In many ways my mysterious guest was on the same journey as the culture that defined him. I did not pretend to understand his nature or motives, or why we who are alive demonize the spirits of the unknown. When I was in my teens then I've been called a Satan worshipper too, by "brothers in Christ" who didn't understand my video games and my heavy metal music. So all I could say was, if my guest was real, I completely sympathized.

"You're just going to have to stop pissing me off," I said. "You're already making me look silly talking to thin air."

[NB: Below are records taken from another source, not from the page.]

Lemma app_ok_merge A1 B1 Y1 A2 B2 Y2 : app_ok A1 B1 Y1 -> app_ok A2 B2 Y2 ->
  exists A' B', app_ok A' B' (Y1 ++ Y2) /\ msub A' (A1 ++ A2) /\ msub B' (B1 ++ B2).
Proof.
  intros [[HY1 [ps1 [PY1 [PA1 PB1]]]]|[HY1 [HA1 HB1]]] [[HY2 [ps2 [PY2 [PA2 PB2]]]]|[HY2 [HA2 HB2]]].
  - assert (PY : Permutation (map snd (ps1 ++ ps2)) (Y1 ++ Y2))
      by (rewrite map_app; apply Permutation_app; auto).
    assert (PA : Permutation (A1 ++ A2) (map arrow (ps1 ++ ps2)))
      by (rewrite map_app; apply Permutation_app; auto).
    assert (NY : Y1 ++ Y2 <> []) by (intro E; apply app_eq_nil in E; tauto).
    destruct PB1 as [[N1 P1]|[E1 L1]]; destruct PB2 as [[N2 P2]|[E2 L2]].
    + exists (A1 ++ A2), (B1 ++ B2); repeat split; try apply msub_refl.
      left; split; auto. exists (ps1 ++ ps2); repeat split; auto.
      left; rewrite flat_map_app; split; [intro E; apply app_eq_nil in E; tauto|apply Permutation_app; auto].
    + exists (A1 ++ A2), B1; repeat split; try apply msub_refl; [|apply msub_app_l].
      left; split; auto. exists (ps1 ++ ps2); repeat split; auto.
      left; rewrite flat_map_app, E2, app_nil_r; auto.
    + exists (A1 ++ A2), B2; repeat split; try apply msub_refl; [|apply msub_app_r].
      left; split; auto. exists (ps1 ++ ps2); repeat split; auto.
      left; rewrite flat_map_app, E1; auto.
    + exists (A1 ++ A2), B1; repeat split; try apply msub_refl; [|apply msub_app_l].
      left; split; auto. exists (ps1 ++ ps2); repeat split; auto.
      right; rewrite flat_map_app, E1, E2; auto.
  - subst. exists A1, B1; rewrite app_nil_r; repeat split; [|apply msub_app_l|apply msub_app_l].
    left; split; auto. exists ps1; auto.
  - subst. exists A2, B2; simpl; repeat split; [|apply msub_app_r|apply msub_app_r].
    left; split; auto. exists ps2; auto.
  - subst. exists A1, B1; simpl; repeat split; [|apply msub_app_l|apply msub_app_l]. right; auto.
Qed.

(* The [length A] application nodes of a multiset typing of [t(u, y.r)] merge
   into a single one: this is the weight a pi-step can give back. *)
Lemma mtyped_App_merge t u r A G n : mtyped G (App t u r) A n -> A <> [] ->
  exists Gt Gu Gr At Bu nt nu nr, mtyped Gt t At nt /\ mtyped Gu u Bu nu /\ mtyped Gr r A nr /\
    app_ok At Bu (Gr 0) /\ csub (cadd Gt (cadd Gu (cpop Gr))) G /\ nt + nu + nr + length A <= n.
Proof.
  revert G n; induction A as [|rho A IH]; intros G n H Hne; [congruence|].
  apply mtyped_cons_inv in H as (Ga&Gb&na&nb&Ha&Hb&E&->).
  apply typed_app_inv in Ha as (G1&G2&G3&A1&B1&n1&n2&n3&H1&H2&H3&Ok&->&Sd).
  destruct A as [|rho' A'].
  - apply mtyped_nil_inv in Hb as [-> ->]. rewrite cadd_cempty_r in E.
    exists G1, G2, G3, A1, B1, n1, n2, n3; repeat split; auto.
    + apply mtyped_single; auto.
    + eapply csub_cperm_r; eauto.
    + simpl; lia.
  - destruct (IH _ _ Hb ltac:(discriminate)) as (Gt&Gu&Gr&At&Bu&nt&nu&nr&Tt&Tu&Tr&Ok2&S2&L2).
    destruct (app_ok_merge _ _ _ _ _ _ Ok Ok2) as (A3&B3&Ok'&SA&SB).
    destruct (mtyped_msub _ _ _ _ _ (mtyped_app _ _ _ _ _ _ _ H1 Tt) SA) as (Gt'&nt'&Tt'&St'&Lt').
    destruct (mtyped_msub _ _ _ _ _ (mtyped_app _ _ _ _ _ _ _ H2 Tu) SB) as (Gu'&nu'&Tu'&Su'&Lu').
    exists Gt', Gu', (cadd G3 Gr), A3, B3, nt', nu', (n3 + nr); repeat split; auto.
    + eapply mtyped_cons; eauto. apply cperm_refl.
    + eapply csub_cperm_r; [|exact E].
      eapply csub_trans; [apply csub_cadd; [exact St'|apply csub_cadd; [exact Su'|apply csub_refl]]|].
      eapply csub_trans; [|apply csub_cadd; [exact Sd|exact S2]].
      apply csub_cperm. cperm_pointwise. perm_count.
    + simpl in *. lia.
Qed.
(* In the setting below, there are constants $C_1$ depending only on $c_Y$ and $C_2$ depending only on $p,c_Y$ such that for every $f\in B(X,Y)$: $d_p(f,A^{(p)}_\mu f)\le C_1\big(\mathcal E^{(p)}_\mu(f)\big)^{1/p}$ and $\mathcal E^{(p)}_\mu(A^{(p)}_\mu f)\le C_2\,\mathcal E^{(p)}_\mu(f)$.
   Context: Let $p\ge2$ and $(Y,d_Y)$ a complete geodesic metric space which is $p$-uniformly convex with constant $c_Y>0$ (i.e. $d_Y(x,\gamma(t))^p\le(1-t)d_Y(x,y)^p+t\,d_Y(x,z)^p-c_Y^pt(1-t)d_Y(y,z)^p$ for all $x,y,z$, constant-speed geodesics $\gamma$ from $y$ to $z$, $t\in[0,1]$). For a finitely supported probability measure $\sigma$ on $Y$, $c_p(\sigma)$ is the unique minimizer of $y\mapsto\int d_Y(u,y)^p\,d\sigma(u)$. Let $\Gamma$ be a discrete group acting freely on a discrete set $X$ and by isometries on $Y$; $\mu$ a $\Gamma$-equivariant random walk on $X$ (each $\mu(x\to\cdot)$ a finitely supported probability measure, $\mu(\gamma x\to\gamma x')=\mu(x\to x')$); $\bar\nu$ a probability measure on $\Gamma\backslash X$, $\nu(\{x\})=\bar\nu(\{\Gamma x\})$, with $\nu(x)\mu(x\to x')=\nu(x')\mu(x'\to x)$. For equivariant $f$: $\mathcal E^{(p)}_\mu(f)=\frac12\int_{\Gamma\backslash X}\sum_{x'}\mu(x\to x')d_Y(f(x),f(x'))^p\,d\bar\nu(x)$; $B(X,Y)$ = equivariant $f$ with finite energy; $d_p(f,g)=\big(\int_{\Gamma\backslash X}d_Y(f(x),g(x))^pd\bar\nu\big)^{1/p}$; $(A^{(p)}_\mu f)(x)=c_p(f_*\mu(x\to\cdot))$. *)

From mathcomp Require Import all_boot all_order all_algebra.
From mathcomp Require Import all_classical all_reals all_analysis.
From Stdlib Require Import ClassicalEpsilon.

Set Implicit Arguments.
Unset Strict Implicit.
Unset Printing Implicit Defensive.
Import Order.TTheory GRing.Theory Num.Theory.
Local Open Scope classical_set_scope.
Local Open Scope ring_scope.

Section Defs.
Variable R : realType.

Section Metric.
Variables (Y : Type) (d : Y -> Y -> R).

Definition is_metric : Prop :=
  [/\ (forall x y, 0 <= d x y),
      (forall x y, d x y = 0 <-> x = y),
      (forall x y, d x y = d y x) &
      (forall x y z, d x z <= d x y + d y z)].

Definition is_complete : Prop :=
  forall u : nat -> Y,
    (forall e, 0 < e -> exists N, forall m n, (N <= m)%N -> (N <= n)%N ->
        d (u m) (u n) < e) ->
    exists l, forall e, 0 < e -> exists N, forall n, (N <= n)%N -> d (u n) l < e.

Definition is_cs_geodesic (gam : R -> Y) (y z : Y) : Prop :=
  [/\ gam 0 = y, gam 1 = z &
      forall s t, 0 <= s <= 1 -> 0 <= t <= 1 ->
        d (gam s) (gam t) = `|s - t| * d y z].

Definition is_geodesic_space : Prop :=
  forall y z, exists gam, is_cs_geodesic gam y z.

Definition p_uniformly_convex (p c : R) : Prop :=
  forall x y z (gam : R -> Y), is_cs_geodesic gam y z ->
    forall t, 0 <= t <= 1 ->
      d x (gam t) `^ p <=
        (1 - t) * d x y `^ p + t * d x z `^ p
        - c `^ p * t * (1 - t) * d y z `^ p.
End Metric.

Definition is_group (G : Type) (mul : G -> G -> G) (one : G) (inv : G -> G)
  : Prop :=
  [/\ (forall a b c, mul a (mul b c) = mul (mul a b) c),
      (forall a, mul one a = a), (forall a, mul a one = a),
      (forall a, mul (inv a) a = one) & (forall a, mul a (inv a) = one)].

Definition is_action (G S : Type) (mul : G -> G -> G) (one : G)
  (act : G -> S -> S) : Prop :=
  (forall x, act one x = x) /\ (forall g h x, act (mul g h) x = act g (act h x)).

Definition free_action (G S : Type) (one : G) (act : G -> S -> S) : Prop :=
  forall g x, act g x = x -> g = one.

Definition isometric_action (G Y : Type) (d : Y -> Y -> R)
  (act : G -> Y -> Y) : Prop :=
  forall g y y', d (act g y) (act g y') = d y y'.

(* Q together with pi : X -> Q is the orbit space Gamma\X, and s is a
   section of pi (a choice of one representative in each orbit). *)
Definition is_orbit_space (G : Type) (X Q : Type) (act : G -> X -> X)
  (pi : X -> Q) (s : Q -> X) : Prop :=
  (forall q, pi (s q) = q) /\
  (forall x x', pi x = pi x' <-> exists g, x' = act g x).

Section Walk.
Variables (X Q : choiceType).

Definition is_random_walk (mu : X -> X -> R) : Prop :=
  forall x, [/\ (forall x', 0 <= mu x x'),
      finite_set [set x' | mu x x' != 0] &
      (\esum_(x' in [set: X]) (mu x x')%:E = 1)%E].

Definition equivariant_walk (G : Type) (act : G -> X -> X)
  (mu : X -> X -> R) : Prop :=
  forall g x x', mu (act g x) (act g x') = mu x x'.

(* probability measure bar nu on the discrete set Q = Gamma\X,
   given by its point masses *)
Definition is_prob_on (nub : Q -> R) : Prop :=
  (forall q, 0 <= nub q) /\ (\esum_(q in [set: Q]) (nub q)%:E = 1)%E.

(* nu({x}) = bar nu({Gamma x}) and nu(x) mu(x->x') = nu(x') mu(x'->x) *)
Definition reversible (pi : X -> Q) (nub : Q -> R) (mu : X -> X -> R)
  : Prop :=
  forall x x', nub (pi x) * mu x x' = nub (pi x') * mu x' x.

Variables (Y : Type) (d : Y -> Y -> R) (p : R).

(* integral over Gamma\X of a Gamma-invariant quantity, computed on the
   representatives s q *)
Definition energy (mu : X -> X -> R) (nub : Q -> R) (s : Q -> X)
  (f : X -> Y) : \bar R :=
  ((2^-1)%:E *
   \esum_(q in [set: Q])
      ((nub q)%:E *
       \esum_(x' in [set: X]) (mu (s q) x' * d (f (s q)) (f x') `^ p)%:E))%E.

Definition dist_p (nub : Q -> R) (s : Q -> X) (f g : X -> Y) : \bar R :=
  poweR (\esum_(q in [set: Q]) (nub q * d (f (s q)) (g (s q)) `^ p)%:E)
        p^-1.

Definition equivariant_map (G : Type) (actX : G -> X -> X)
  (actY : G -> Y -> Y) (f : X -> Y) : Prop :=
  forall g x, f (actX g x) = actY g (f x).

It's been hours since breakfast so I decided to have lunch as I rested there. I took out a sandwich, broke it in two, and laid one half on a paper napkin. I told my guest that I was leaving it there for him – a peace offering. I also filled a paper cup with juice, spiked it with lambanog (coconut brandy), covered it in napkin and left it beside the sandwich.

After the modest meal I said a short prayer for my protection, and for my unseen guest to be at peace. I was never a believer in prayers for the dead or other such spirits – and in the Christian beliefs I grew up with, my guest would definitely be condemned as a demon. But at the same time, kindness and prayer for a troubled spirit's repose somehow felt like the better thing to do. It was just as well. I made it home without further incident.